Very good read July 9, 2010 Julian Paulson 1 out of 1 found this review helpful
I first became intersted in this book after listening to a recent interview on NPR. One of the things that stuck out before I purchased was the ratings on amazon. mostly 5's or 1's, and if your read the comments they are obviously politically influenced. It is no surprise that someone who is conservative might not like this book, and it even goes as far as people rating the book 1 without reading it. I personally loved this book, although at timse the writing style took a little of "trudging" to get through. Would recommend this book for sure.
Anti-intellectualism at its finest July 6, 2010 Karl W. Randolph 2 out of 49 found this review helpful
Like Elliot Katz, I haven't read the book either, but that interview ... well, if it is anything like the book, then is the book worth reading? The internal contradictions of the author are so sweeping that it left me amazed at the audacity of inconsistency.
He decries the descent into intellectual denial by the movement to trust one's feelings rather than critical thought, yet it has been the left, in academia as well as popular media, who have pushed the "feel, don't think" mantra (Luke Skywalker in Starwars, anyone? Lion King? Elasti-girl in The Incredibles? Etc.?). "How do you feel about that?" is more important than "What do you think about that?" His description of his visit to the Creationist Museum is a display of his biases without critical thought to back them up.

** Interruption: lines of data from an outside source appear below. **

(* For every $a>0$ and $\alpha>0$, the second Robin eigenvalue of an interval $I_a$ of length $a$ satisfies \[ \frac{\big(2\pi-a\alpha+\sqrt{4\pi^2+12a\alpha\pi+\alpha^2a^2}\big)^2}{16a^2}\le\lambda_2(I_a,\alpha) \] and \[ \lambda_2(I_a,\alpha)\le\begin{cases}\Big(\dfrac{\pi}{2a}+\sqrt{\dfrac{\pi^2}{4a^2}+\dfrac{2\alpha}{a}}\Big)^2, & a\alpha\le\dfrac{\pi^2}{2},\\[2ex] \dfrac{\pi^2}{16a^4\alpha^2}\Big(4a\alpha-\pi^2+\sqrt{\pi^4+16a^2\alpha^2}\Big)^2, & a\alpha\ge\dfrac{\pi^2}{2}.\end{cases} \]
   Context: For an interval $I_a\subset\mathbb{R}$ of length $a>0$ and $\alpha>0$, $\lambda_1(I_a,\alpha)<\lambda_2(I_a,\alpha)<\cdots$ denote the eigenvalues of the Robin problem $-u''=\lambda u$ on $I_a$ with $\partial_\nu u+\alpha u=0$ at both endpoints ($\partial_\nu$ the outward derivative). Equivalently, $\lambda_2(I_a,\alpha)$ is the smallest root in $(\pi^2/a^2,4\pi^2/a^2)$ of $\alpha=-\sqrt\lambda\cot(a\sqrt\lambda/2)$. *)

From Stdlib Require Import Reals.
Open Scope R_scope.

(* Robin secular function for the second eigenvalue on an interval of length a:
   alpha = - sqrt(lambda) * cot(a sqrt(lambda) / 2), with cot = cos / sin. *)
Definition robin_secular (a lambda : R) : R :=
  - sqrt lambda * (cos (a * sqrt lambda / 2) / sin (a * sqrt lambda / 2)).

Definition is_robin_lambda2 (a alpha l : R) : Prop :=
  PI ^ 2 / a ^ 2 < l < 4 * PI ^ 2 / a ^ 2 /\
  alpha = robin_secular a l /\
  (forall m, PI ^ 2 / a ^ 2 < m < 4 * PI ^ 2 / a ^ 2 ->
     alpha = robin_secular a m -> l <= m).

(* Writing sqrt l = (2 y + PI) / a with 0 < y < PI/2, the secular equation becomes
   a alpha = (2 y + PI) tan y.  The right-hand side increases from 0 to +oo on
   (0, PI/2), so lambda_2 exists and is given by the unique solution y.  On (0, PI/2)
   we have the elementary estimates
     y <= tan y,   tan y <= 4 y / (PI - 2 y),   PI^3 y / ((PI^2 - 4 y^2) (PI + 2 y)) <= tan y,
   obtained from low-order Taylor bounds of sin and cos, near 0 at y and near PI/2 at
   PI/2 - y.  Plugged into the equation, each becomes a quadratic inequality for
   t = 2 y + PI, and comparing t with the positive root of that quadratic gives the
   three bounds. *)

From Stdlib Require Import Reals Lra.
Open Scope R_scope.

Lemma sin_ge_cubic x : 0 <= x <= PI -> x - x ^ 3 / 6 <= sin x.
Proof.
  intros [hx0 hx1]. destruct (sin_bound x 0 hx0 hx1) as [hlb _].
  unfold sin_approx, sin_term in hlb; simpl in hlb. lra.
Qed.

Lemma cos_quadratic_quartic x : - PI / 2 <= x <= PI / 2 ->
  1 - x ^ 2 / 2 <= cos x <= 1 - x ^ 2 / 2 + x ^ 4 / 24.
Proof.
  intros [hx0 hx1]. destruct (cos_bound x 0 hx0 hx1) as [hlb hub].
  unfold cos_approx, cos_term in hlb, hub; simpl in hlb, hub. lra.
Qed.

Lemma sin_le_id x : 0 <= x -> sin x <= x.
Proof. intros [hx | <-]; [left; apply sin_lt_x; exact hx | rewrite sin_0; lra]. Qed.

Lemma PI_bounds : 3 < PI < 16 / 5.
Proof.
  split; [pose proof PI2_3_2; lra |].
  apply Rnot_le_lt; intros hPI.
  assert (hcos : 0 <= cos (8 / 5)) by (apply cos_ge_0; lra).
  destruct (cos_quadratic_quartic (8 / 5)) as [_ hub]; [lra |]. lra.
Qed.

Lemma id_mul_cos_le_sin y : 0 < y < PI / 2 -> y * cos y <= sin y.
Proof.
  intros hy. pose proof PI_bounds.
  destruct (Rle_or_lt y 1) as [hy1 | hy1].
  - pose proof (sin_ge_cubic y ltac:(lra)).
    destruct (cos_quadratic_quartic y ltac:(lra)) as [_ hcos].
    assert (y * cos y <= y * (1 - y ^ 2 / 2 + y ^ 4 / 24)) by (apply Rmult_le_compat_l; lra).
    assert (0 <= y ^ 3 * (8 - y ^ 2)) by (apply Rmult_le_pos; [apply pow_le |]; nra).
    nra.
  - set (z := PI / 2 - y). assert (hz : 0 < z < PI / 2 - 1) by (unfold z; lra).
    replace y with (PI / 2 - z) by (unfold z; ring). clearbody z.
    rewrite sin_shift, cos_shift.
    pose proof (sin_le_id z ltac:(lra)).
    destruct (cos_quadratic_quartic z ltac:(lra)) as [hcos _].
    assert ((PI / 2 - z) * sin z <= (PI / 2 - z) * z) by (apply Rmult_le_compat_l; lra).
    assert (PI * z <= 16 / 5 * (6 / 10)) by (apply Rmult_le_compat; lra).
    nra.
Qed.

Lemma sin_mul_le_cos y : 0 < y < PI / 2 -> sin y * (PI - 2 * y) <= 4 * y * cos y.
Proof.
  intros hy. pose proof PI_bounds.
  destruct (Rle_or_lt y 1) as [hy1 | hy1].
  - pose proof (sin_le_id y ltac:(lra)).
    destruct (cos_quadratic_quartic y ltac:(lra)) as [hcos _].
    assert (sin y * (PI - 2 * y) <= y * (PI - 2 * y)) by (apply Rmult_le_compat_r; lra).
    assert (4 * y * (1 - y ^ 2 / 2) <= 4 * y * cos y) by (apply Rmult_le_compat_l; lra).
    nra.
  - set (z := PI / 2 - y). assert (hz : 0 < z < PI / 2 - 1) by (unfold z; lra).
    replace y with (PI / 2 - z) by (unfold z; ring). clearbody z.
    rewrite sin_shift, cos_shift.
    pose proof (sin_ge_cubic z ltac:(lra)).
    pose proof (COS_bound z).
    assert (1 <= (PI - 2 * z) * (1 - z ^ 2 / 6)).
    { assert (z ^ 2 <= 1) by nra.
      assert (2 * (5 / 6) <= (PI - 2 * z) * (1 - z ^ 2 / 6)) by (apply Rmult_le_compat; lra).
      lra. }
    assert ((PI - 2 * z) * (z - z ^ 3 / 6) <= (PI - 2 * z) * sin z)
      by (apply Rmult_le_compat_l; lra).
    nra.
Qed.

Lemma cubic_estimate_near_0 y : 0 <= y <= 1 ->
  PI ^ 3 * (1 - y ^ 2 / 2 + y ^ 4 / 24)
    <= (1 - y ^ 2 / 6) * (PI ^ 2 - 4 * y ^ 2) * (PI + 2 * y).
Proof.
  intros hy. pose proof PI_bounds.
  set (q := 2 * PI ^ 2 - 4 * PI * y + PI ^ 3 / 3 * y - 8 * y ^ 2 - PI ^ 2 / 3 * y ^ 2
            + (2 * PI / 3 - PI ^ 3 / 24) * y ^ 3 + 4 / 3 * y ^ 4).
  assert (hdiff : (1 - y ^ 2 / 6) * (PI ^ 2 - 4 * y ^ 2) * (PI + 2 * y)
                  - PI ^ 3 * (1 - y ^ 2 / 2 + y ^ 4 / 24) = y * q) by (unfold q; field).
  assert (hq : 0 <= q).
  { assert (0 <= (2 * PI / 3 - PI ^ 3 / 24) * y ^ 3)
      by (apply Rmult_le_pos; [nra | apply pow_le; lra]).
    assert (0 <= y ^ 4) by (apply pow_le; lra).
    assert (0 <= PI * y * (PI ^ 2 / 3 - 3)) by (apply Rmult_le_pos; nra).
    assert (0 <= (1 - y ^ 2) * (8 + PI ^ 2 / 3)) by (apply Rmult_le_pos; nra).
    unfold q. nra. }
  nra.
Qed.

Lemma cubic_estimate_near_pi2 z : 0 <= z <= PI / 2 - 1 ->
  PI ^ 3 * (PI / 2 - z) <= 8 * (PI - z) ^ 2 * (1 - z ^ 2 / 2).
Proof.
  intros hz. pose proof PI_bounds.
  (* Affine lower bounds for (PI - z)^2 and 1 - z^2/2 leave an inequality that is
     linear in z up to a nonnegative term; it is checked at z = PI/2 - 1. *)
  assert (PI ^ 2 - 2 * PI * z <= (PI - z) ^ 2) by nra.
  assert (1 - 3 / 10 * z <= 1 - z ^ 2 / 2) by nra.
  assert (8 * (PI ^ 2 - 2 * PI * z) * (1 - 3 / 10 * z) <= 8 * (PI - z) ^ 2 * (1 - z ^ 2 / 2)).
  { rewrite !Rmult_assoc. apply Rmult_le_compat_l; [lra |]. apply Rmult_le_compat; nra. }
  assert (PI * (PI ^ 2 - 12 / 5 * PI - 16) < 0) by nra.
  assert (0 <= (PI / 2 - 1 - z) * - (PI * (PI ^ 2 - 12 / 5 * PI - 16)))
    by (apply Rmult_le_pos; lra).
  assert (0 < PI * (-22 / 10 * PI ^ 2 + 24 / 10 * PI + 16)) by nra.
  nra.
Qed.

Lemma cubic_mul_cos_le_sin y : 0 < y < PI / 2 ->
  PI ^ 3 * y * cos y <= sin y * (PI ^ 2 - 4 * y ^ 2) * (PI + 2 * y).
Proof.
  intros hy. pose proof PI_bounds.
  destruct (Rle_or_lt y 1) as [hy1 | hy1].
  - pose proof (sin_ge_cubic y ltac:(lra)).
    destruct (cos_quadratic_quartic y ltac:(lra)) as [_ hcos].
    pose proof (cubic_estimate_near_0 y ltac:(lra)).
    assert (0 <= (PI ^ 2 - 4 * y ^ 2) * (PI + 2 * y)) by (apply Rmult_le_pos; nra).
    assert (PI ^ 3 * y * cos y <= PI ^ 3 * y * (1 - y ^ 2 / 2 + y ^ 4 / 24))
      by (apply Rmult_le_compat_l; [apply Rmult_le_pos; [apply pow_le |] |]; lra).
    assert ((y - y ^ 3 / 6) * ((PI ^ 2 - 4 * y ^ 2) * (PI + 2 * y))
            <= sin y * ((PI ^ 2 - 4 * y ^ 2) * (PI + 2 * y)))
      by (apply Rmult_le_compat_r; lra).
    assert (y * (PI ^ 3 * (1 - y ^ 2 / 2 + y ^ 4 / 24))
            <= y * ((1 - y ^ 2 / 6) * (PI ^ 2 - 4 * y ^ 2) * (PI + 2 * y)))
      by (apply Rmult_le_compat_l; lra).
    nra.
  - set (z := PI / 2 - y). assert (hz : 0 < z < PI / 2 - 1) by (unfold z; lra).
    replace y with (PI / 2 - z) by (unfold z; ring). clearbody z.
    rewrite sin_shift, cos_shift, Rmult_assoc.
    replace ((PI ^ 2 - 4 * (PI / 2 - z) ^ 2) * (PI + 2 * (PI / 2 - z)))
      with (8 * z * (PI - z) ^ 2) by field.
    pose proof (sin_le_id z ltac:(lra)).
    destruct (cos_quadratic_quartic z ltac:(lra)) as [hcos _].
    pose proof (cubic_estimate_near_pi2 z ltac:(lra)).
    assert (PI ^ 3 * (PI / 2 - z) * sin z <= PI ^ 3 * (PI / 2 - z) * z)
      by (apply Rmult_le_compat_l; [apply Rmult_le_pos; [apply pow_le |] |]; lra).
    assert (0 <= 8 * z * (PI - z) ^ 2) by (apply Rmult_le_pos; [lra | apply pow_le; lra]).
    assert ((1 - z ^ 2 / 2) * (8 * z * (PI - z) ^ 2) <= cos z * (8 * z * (PI - z) ^ 2))
      by (apply Rmult_le_compat_r; lra).
    assert (z * (PI ^ 3 * (PI / 2 - z)) <= z * (8 * (PI - z) ^ 2 * (1 - z ^ 2 / 2)))
      by (apply Rmult_le_compat_l; lra).
    nra.
Qed.

Definition robin_phase (y : R) : R := (2 * y + PI) * tan y.

Lemma robin_secular_shift a m :
  robin_secular a m = sqrt m * tan ((a * sqrt m - PI) / 2).
Proof.
  unfold robin_secular, tan.
  replace (a * sqrt m / 2) with ((a * sqrt m - PI) / 2 + PI / 2) by field.
  rewrite cos_plus, sin_plus, cos_PI2, sin_PI2.
  rewrite !Rmult_0_r, !Rmult_1_r, Rplus_0_l. unfold Rminus, Rdiv. ring.
Qed.

Lemma robin_secular_phase a y : 0 < a -> 0 < y < PI / 2 ->
  a * robin_secular a (((2 * y + PI) / a) ^ 2) = robin_phase y.
Proof.
  intros ha hy. pose proof PI_bounds.
  rewrite robin_secular_shift, sqrt_pow2 by (apply Rlt_le, Rdiv_lt_0_compat; lra).
  replace ((a * ((2 * y + PI) / a) - PI) / 2) with y by (field; lra).
  unfold robin_phase. field. lra.
Qed.

Lemma robin_phase_lt x y : 0 <= x -> x < y -> y < PI / 2 ->
  robin_phase x < robin_phase y.
Proof.
  intros hx hxy hy. pose proof PI_bounds.
  assert (htan : tan x < tan y) by (apply tan_increasing; lra).
  assert (htan0 : 0 <= tan x).
  { destruct hx as [hx | <-]; [left; apply tan_gt_0; lra | rewrite tan_0; lra]. }
  unfold robin_phase. apply Rmult_le_0_lt_compat; lra.
Qed.

Lemma robin_phase_inj x y : 0 < x < PI / 2 -> 0 < y < PI / 2 ->
  robin_phase x = robin_phase y -> x = y.
Proof.
  intros hx hy heq.
  destruct (Rtotal_order x y) as [hlt | [-> | hgt]]; [| reflexivity |].
  - pose proof (robin_phase_lt x y ltac:(lra) hlt ltac:(lra)). lra.
  - pose proof (robin_phase_lt y x ltac:(lra) hgt ltac:(lra)). lra.
Qed.

Lemma robin_phase_surj b : 0 < b -> exists y, 0 < y < PI / 2 /\ robin_phase y = b.
Proof.
  intros hb. pose proof PI_bounds.
  (* Solve for v = tan y instead of y, so that the intermediate value theorem
     applies to a function continuous on all of R. *)
  set (f := (((fct_cte 2 * atan)%F + fct_cte PI) * id - fct_cte b)%F).
  assert (hf : forall v, f v = (2 * atan v + PI) * v - b) by reflexivity.
  assert (hfc : continuity f).
  { assert (hatan : continuity atan)
      by (intro; apply derivable_continuous_pt, derivable_pt_atan).
    repeat first [ apply continuity_minus | apply continuity_plus | apply continuity_mult
                 | apply continuity_const; intros ? ?; reflexivity
                 | apply derivable_continuous, derivable_id | exact hatan ]. }
  assert (hbPI : 0 < b / PI) by (apply Rdiv_lt_0_compat; lra).
  assert (hatan_pos : 0 < atan (b / PI)) by (rewrite <- atan_0; apply atan_increasing; lra).
  destruct (IVT f 0 (b / PI) hfc hbPI) as [v [hv hfv]].
  - rewrite hf, atan_0. lra.
  - rewrite hf. replace ((2 * atan (b / PI) + PI) * (b / PI) - b)
      with (2 * atan (b / PI) * (b / PI)) by (field; lra).
    apply Rmult_lt_0_compat; lra.
  - rewrite hf in hfv.
    assert (hv0 : 0 < v).
    { destruct (Req_dec v 0) as [E | E]; [rewrite E, atan_0 in hfv; lra | lra]. }
    exists (atan v). split.
    + split; [rewrite <- atan_0; apply atan_increasing; lra |].
      pose proof (atan_bound v); lra.
    + unfold robin_phase. rewrite tan_atan. lra.
Qed.

Lemma robin_interval_of_phase a y : 0 < a -> 0 < y < PI / 2 ->
  PI ^ 2 / a ^ 2 < ((2 * y + PI) / a) ^ 2 < 4 * PI ^ 2 / a ^ 2.
Proof.
  intros ha hy. pose proof PI_bounds.
  replace (PI ^ 2 / a ^ 2) with ((PI / a) ^ 2) by (field; lra).
  replace (4 * PI ^ 2 / a ^ 2) with ((2 * PI / a) ^ 2) by (field; lra).
  assert (hainv : 0 < / a) by (apply Rinv_0_lt_compat; lra).
  assert (PI * / a < (2 * y + PI) * / a < 2 * PI * / a)
    by (split; apply Rmult_lt_compat_r; lra).
  unfold Rdiv. split; nra.
Qed.

Lemma robin_phase_of_interval a m : 0 < a -> PI ^ 2 / a ^ 2 < m < 4 * PI ^ 2 / a ^ 2 ->
  exists y, 0 < y < PI / 2 /\ m = ((2 * y + PI) / a) ^ 2.
Proof.
  intros ha hm. pose proof PI_bounds.
  assert (hm0 : 0 <= m) by (assert (0 < PI ^ 2 / a ^ 2) by (apply Rdiv_lt_0_compat; nra); lra).
  rewrite <- (pow2_sqrt m hm0) in hm |- *. pose proof (sqrt_pos m).
  set (s := sqrt m) in *. clearbody s.
  assert (ht : PI < a * s < 2 * PI).
  { assert (PI ^ 2 < (a * s) ^ 2 < (2 * PI) ^ 2).
    { replace (PI ^ 2) with (PI ^ 2 / a ^ 2 * a ^ 2) by (field; lra).
      replace ((2 * PI) ^ 2) with (4 * PI ^ 2 / a ^ 2 * a ^ 2) by (field; lra).
      rewrite Rpow_mult_distr, (Rmult_comm (a ^ 2)).
      split; apply Rmult_lt_compat_r; nra. }
    assert (0 <= a * s) by (apply Rmult_le_pos; lra).
    nra. }
  exists ((a * s - PI) / 2). split; [lra |]. f_equal. field. lra.
Qed.

Lemma is_robin_lambda2_phase a alpha l : 0 < a ->
  is_robin_lambda2 a alpha l <->
  exists y, 0 < y < PI / 2 /\ l = ((2 * y + PI) / a) ^ 2 /\ robin_phase y = a * alpha.
Proof.
  intros ha. split.
  - intros [hl [hsec _]].
    destruct (robin_phase_of_interval a l ha hl) as [y [hy ->]].
    exists y. split; [exact hy | split; [reflexivity |]].
    rewrite <- (robin_secular_phase a y ha hy), hsec. reflexivity.
  - intros [y [hy [-> hphase]]].
    assert (hsec : alpha = robin_secular a (((2 * y + PI) / a) ^ 2)).
    { apply (Rmult_eq_reg_l a); [| lra]. rewrite robin_secular_phase; auto. }
    split; [exact (robin_interval_of_phase a y ha hy) | split; [exact hsec |]].
    intros m hm hsecm.
    destruct (robin_phase_of_interval a m ha hm) as [y' [hy' ->]].
    assert (y' = y) as ->.
    { apply robin_phase_inj; auto.
      rewrite <- (robin_secular_phase a y' ha hy'), <- hsecm. auto. }
    lra.
Qed.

His description of the killing of Terry Schiavo (she was killed just as assuredly as if she had been shot, or put in a gas chamber) shows intellectual laziness that he has not come to grips with the intellectual understanding that this was state sponsored murder, no different than what the Nazis did. It would have been more humane that if she were to be killed, to have done so by one of the above methods, or a lethal injection, than by the slow suffering of hunger and thirst that was used. But they couldn't do that, because the parallels would have been too obvious. That Mr. Pierce has not bothered to understand the logical premises on which people have come to the conclusion that this was state sponsored murder, shows that he is a perfect example of that which he decries.
The interview exudes the smug superiority complex that if one believes as the author, then he is an intellectual: if he disagrees, then he is an unthinking idiot. That is anti-intellectualism at its finest. That interview is a good argument not to read the book, an argument backed up in spades by many of the reviews. But unlike the reviews, those are the author's own words considering the subject of the book, which make them a better argument not to waste my time reading the book.